Your objective: For each line below that contains the word "Lemma", make a copy.

Top of Dataset records

(* Let $M\in\mathrm{M}_n(\mathbb{K})$ and suppose $\mathbb{K}^n=V_1\oplus\cdots\oplus V_t$ where each $V_i$ is a $\mathbb{K}$-subspace with $V_iM^t\subseteq V_i$. Let $d_i=\dim_{\mathbb{K}}V_i$ and let $P_i\in\mathrm{M}_{d_i\times n}(\mathbb{K})$ be a matrix whose rows form a $\mathbb{K}$-basis of $V_i$. Let $\mathcal{C}\subseteq\mathbb{L}^n$ be an $M$-code with parameters $[n,k]$, $k\ge1$, such that $\mathcal{C}=(\mathcal{C}\cap(V_1)_{\mathbb{L}})\oplus\cdots\oplus(\mathcal{C}\cap(V_t)_{\mathbb{L}})$. For each $i$ set $k_i=\dim_{\mathbb{L}}(\mathcal{C}\cap(V_i)_{\mathbb{L}})$ and $\mathcal{C}_i=\{c\in\mathbb{L}^{d_i} : cP_i\in\mathcal{C}\cap(V_i)_{\mathbb{L}}\}$, and let $\Lambda=\{i : \mathcal{C}\cap(V_i)_{\mathbb{L}}\neq\{0\}\}$. Then: (1) the map $u:(c_1,\dots,c_t)\in\mathbb{L}^{d_1}\times\cdots\times\mathbb{L}^{d_t}\mapsto\sum_i c_iP_i\in\mathbb{L}^n$ restricts to an $\mathbb{L}$-isomorphism $\mathcal{C}_1\times\cdots\times\mathcal{C}_t\to\mathcal{C}$, and $M_r(\mathcal{C}_1\times\cdots\times\mathcal{C}_t)=M_r(\mathcal{C})$ for all $r\in\{1,\dots,k\}$ (the product viewed as a code in $\mathbb{L}^n$ by concatenation); (2) for all $r\in\{1,\dots,k\}$, $$M_r(\mathcal{C})=\min_{\substack{\sum_{i\in\Lambda}r_i=r\\ r_i\in\{0,\dots,k_i\}}}\ \sum_{i\in\Lambda}M_{r_i}(\mathcal{C}_i)=\min_{\substack{\sum_{i\in\Lambda}r_i=r\\ r_i\in\{0,\dots,k_i\}}}\ \sum_{i\in\Lambda}M_{r_i}(\mathcal{C}\cap(V_i)_{\mathbb{L}});$$ (3) for all $i\in\Lambda$ and $r_i\in\{1,\dots,k_i\}$, $M_{r_i}(\mathcal{C}_i)\le d_i-k_i+r_i$; (4) for all $r\in\{1,\dots,k\}$, $$M_r(\mathcal{C})\le\min_{\substack{\sum_{i\in\Lambda}r_i=r\\ r_i\in\{0,\dots,k_i\}}}\Big(\sum_{i\in\Lambda,\ r_i\neq0}(d_i-k_i)\Big)+r.$$
   Context: Let $\mathbb{L}/\mathbb{K}$ be a field extension of finite degree $m$, and $n\ge 1$ an integer with $m\ge n$ (standing assumption). Vectors are row vectors. Fix a $\mathbb{K}$-basis $\mathcal{B}$ of $\mathbb{L}$; for $c=(c_1,\dots,c_n)\in\mathbb{L}^n$ let $M_{\mathcal{B}}(c)\in\mathrm{M}_{m\times n}(\mathbb{K})$ be the matrix whose $j$-th column is the coordinate vector of $c_j$ in $\mathcal{B}$. The rank support $\mathrm{Rsupp}(c)\subseteq\mathbb{K}^n$ is the $\mathbb{K}$-row space of $M_{\mathcal{B}}(c)$, and $\mathrm{wt}_R(c)=\dim_{\mathbb{K}}\mathrm{Rsupp}(c)$. For an $\mathbb{L}$-subspace $\mathcal{D}\subseteq\mathbb{L}^n$, $\mathrm{Rsupp}(\mathcal{D})$ is the $\mathbb{K}$-span of all $\mathrm{Rsupp}(d)$, $d\in\mathcal{D}$, and $\mathrm{wt}_R(\mathcal{D})=\dim_{\mathbb{K}}\mathrm{Rsupp}(\mathcal{D})$. A linear $[n,k]$ code is a $k$-dimensional $\mathbb{L}$-subspace $\mathcal{C}\subseteq\mathbb{L}^n$; for $1\le r\le k$, $M_r(\mathcal{C})=\min\{\mathrm{wt}_R(\mathcal{D}) : \mathcal{D}\subseteq\mathcal{C},\ \dim_{\mathbb{L}}\mathcal{D}=r\}$ (the $r$-th generalized rank weight), and $M_0(\mathcal{C})=0$ by convention. For $M\in\mathrm{M}_n(\mathbb{K})$, a linear code $\mathcal{C}\subseteq\mathbb{L}^n$ is an $M$-code if $cM^t\in\mathcal{C}$ for all $c\in\mathcal{C}$. For a $\mathbb{K}$-subspace $V\subseteq\mathbb{K}^n$, $V_{\mathbb{L}}$ denotes the $\mathbb{L}$-subspace of $\mathbb{L}^n$ spanned by $V$. *)

From HB Require Import structures.
From mathcomp Require Import all_boot all_order all_algebra all_field.
From mathcomp Require Import boolp.
Set Implicit Arguments. Unset Strict Implicit. Unset Printing Implicit Defensive.
Import GRing.Theory.
Local Open Scope ring_scope.
Lemma cycle_of_bar_cycle n (c : 'rV_(r n)) : in_ker (bar_cx D) c -> c != 0 ->
  exists2 z, in_ker D z & z != 0 /\ supp z = supp c.
Proof.
move=> c_ker c_neq0.
pose a t := Num.max (\big[Num.max/0]_i @deg n i t) (\big[Num.max/0]_i @deg n.+1 i t).
have deg_le i t : @deg n i t <= a t by rewrite le_max le_bigmax.
have deg1_le i t : @deg n.+1 i t <= a t by rewrite le_max le_bigmax orbT.
have c_lift := map_lift_row c deg_le.
exists (lift_row a (@deg n) c); first exact: in_ker_lift_row.
split; first by apply: contraNneq c_neq0 => z0; rewrite -c_lift z0 map_mx0.
by rewrite -{2}c_lift supp_map_mev //; apply: lift_row_scaled_mono.
Qed.

Lemma row_bar_neq0 n j : exact_pos D -> minimal_cx D -> row j (bar_cx D n) != 0.
Proof.
move=> D_exact D_minimal; rewrite -supp_eq0 supp_row_bar supp_eq0.
apply/negP => /eqP row0.
have [w delta_eq] : exists w : 'rV_(r n.+2), delta_mx 0 j = w *m D n.+1.
  by apply: (D_exact n); rewrite -rowE.
have /(congr1 (@meval k 0 m)) := congr1 (fun v : 'rV_(r n.+1) => v 0 j) delta_eq.
rewrite !mxE !eqxx rmorph1 rmorph_sum big1 => [/eqP|i _]; first by rewrite oner_eq0.
by rewrite rmorphM -[X in _ * X]/(meval 0 (D n.+1 i j)) meval0_maxideal ?mulr0.
Qed.

Hypothesis D_cx : is_complex D.

Lemma min_support_basis_of_bar : min_support_basis (bar_cx D) -> min_support_basis D.
Proof.
move=> bar_min n j; split; first exact: row_in_ker.
move=> z z_ker z_neq0 z_supp.
have [c [c_ker c_neq0] c_supp] := bar_cycle_of_cycle z_ker z_neq0.
apply: (bar_min n j).2 c_ker c_neq0 _.
by rewrite supp_row_bar (sub_proper_trans c_supp z_supp).
Qed.

Lemma min_support_basis_bar : min_support_basis D -> min_support_basis (bar_cx D).
Proof.
move=> D_min n j; split; first exact/row_in_ker/is_complex_bar.
move=> c c_ker c_neq0 c_supp.
have [z z_ker [z_neq0 z_supp]] := cycle_of_bar_cycle c_ker c_neq0.
by apply: (D_min n j).2 z_ker z_neq0 _; rewrite z_supp -supp_row_bar.
Qed.

End Reduction.
(* Evaluating at [clamp (A - eps) A t] makes the limit exist, and be Lipschitz, on all of R. *)
Definition picard_limit (i : nat) (t : R) : R :=
  real (Lim_seq (fun n => picard_iter n i (clamp (A - eps) A t))).

Lemma picard_limit_correct (i : nat) (t : R) :
  is_lim_seq (fun n => picard_iter n i (clamp (A - eps) A t)) (picard_limit i t).
Proof. apply Lim_seq_correct', picard_iter_cauchy, clamp_range. lra. Qed.

Lemma picard_limit_lipschitz (i : nat) (t t' : R) :
  Rabs (picard_limit i t - picard_limit i t') <= K * Rabs (t - t').
Proof.
  assert (Hlim := is_lim_seq_minus' _ _ _ _ (picard_limit_correct i t) (picard_limit_correct i t')).
  rewrite <- (Rminus_0_r (picard_limit i t - picard_limit i t')).
  apply (is_lim_seq_abs_le _ _ 0 _ 0 Hlim).
  intros k _. rewrite Rminus_0_r. eapply Rle_trans; [apply picard_iter_lipschitz|].
  apply Rmult_le_compat_l; [exact HK | apply clamp_lipschitz; lra].
Qed.

Lemma picard_limit_close (n i : nat) (t : R) : A - eps <= t <= A ->
  Rabs (picard_limit i t - picard_iter n i t) <= 2 * K * eps * (/ 2) ^ n.
Proof.
  intros Ht. pose proof (picard_limit_correct i t) as H. rewrite clamp_id in H by exact Ht.
  apply (is_lim_seq_abs_le _ _ _ _ n H). intros k Hk. replace k with (n + (k - n))%nat by lia.
  eapply Rle_trans; [apply picard_iter_tail, Ht|].
  assert (0 <= 2 * K * eps * (/ 2) ^ (n + (k - n)))
    by (apply Rmult_le_pos; [nra | apply pow_le; lra]).
  lra.
Qed.

Definition picard_sol (i : nat) (t : R) : R := x0 i + RInt (along F picard_limit i) A t.

Lemma picard_sol_deriv (i : nat) (t : R) : is_derive (picard_sol i) t (along F picard_limit i t).
Proof.
  assert (Hc : forall z, continuous (along F picard_limit i) z)
    by (apply along_continuous, picard_limit_lipschitz).
  assert (H : is_derive (fun t => RInt (along F picard_limit i) A t) t (along F picard_limit i t)).
  { apply (is_derive_RInt (V := R_NormedModule) _ _ A); [|apply Hc].
    exists (mkposreal 1 Rlt_0_1). intros b _.
    apply (RInt_correct (V := R_CompleteNormedModule)), ex_RInt_continuous_R, Hc. }
  pose proof (is_derive_plus _ _ t _ _ (is_derive_const (x0 i) t) H) as H2.
  rewrite (plus_zero_l (G := R_AbelianGroup)) in H2. exact H2.
Qed.

(* [picard_sol] is the Picard map applied to [picard_limit]; the contraction estimate makes
   the two agree on [A - eps, A]. *)
Lemma picard_sol_eq (i : nat) (t : R) : A - eps <= t <= A -> picard_sol i t = picard_limit i t.
Proof.
  intros Ht. apply Rminus_diag_uniq, (eq_0_of_le_half_pow _ (2 * K * eps)). intros n.
  replace (picard_sol i t - picard_limit i t)
    with ((RInt (along F picard_limit i) A t - RInt (along F (picard_iter n) i) A t)
          + (picard_iter (S n) i t - picard_limit i t)) by (unfold picard_sol; simpl; ring).
  eapply Rle_trans; [apply Rabs_triang|].
  assert (Hsol := RInt_along_contract picard_limit (picard_iter n) i t (2 * K * eps * (/ 2) ^ n)
    (picard_limit_lipschitz) (picard_iter_lipschitz n) Ht
    ltac:(apply Rmult_le_pos; [nra | apply pow_le; lra]) (picard_limit_close n)).
  assert (Hiter := picard_limit_close (S n) i t Ht).
  rewrite Rabs_minus_sym in Hiter. simpl pow in Hiter.
  lra.
Qed.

Bottom of Dataset records

Exercise answer:
Lemma cycle_of_bar_cycle n (c : 'rV_(r n)) : in_ker (bar_cx D) c -> c != 0 ->
Lemma row_bar_neq0 n j : exact_pos D -> minimal_cx D -> row j (bar_cx D n) != 0.
Lemma min_support_basis_of_bar : min_support_basis (bar_cx D) -> min_support_basis D.
Lemma min_support_basis_bar : min_support_basis D -> min_support_basis (bar_cx D).
Lemma picard_limit_correct (i : nat) (t : R) :
Lemma picard_limit_lipschitz (i : nat) (t t' : R) :
Lemma picard_limit_close (n i : nat) (t : R) : A - eps <= t <= A ->
Lemma picard_sol_deriv (i : nat) (t : R) : is_derive (picard_sol i) t (along F picard_limit i t).
Lemma picard_sol_eq (i : nat) (t : R) : A - eps <= t <= A -> picard_sol i t = picard_limit i t.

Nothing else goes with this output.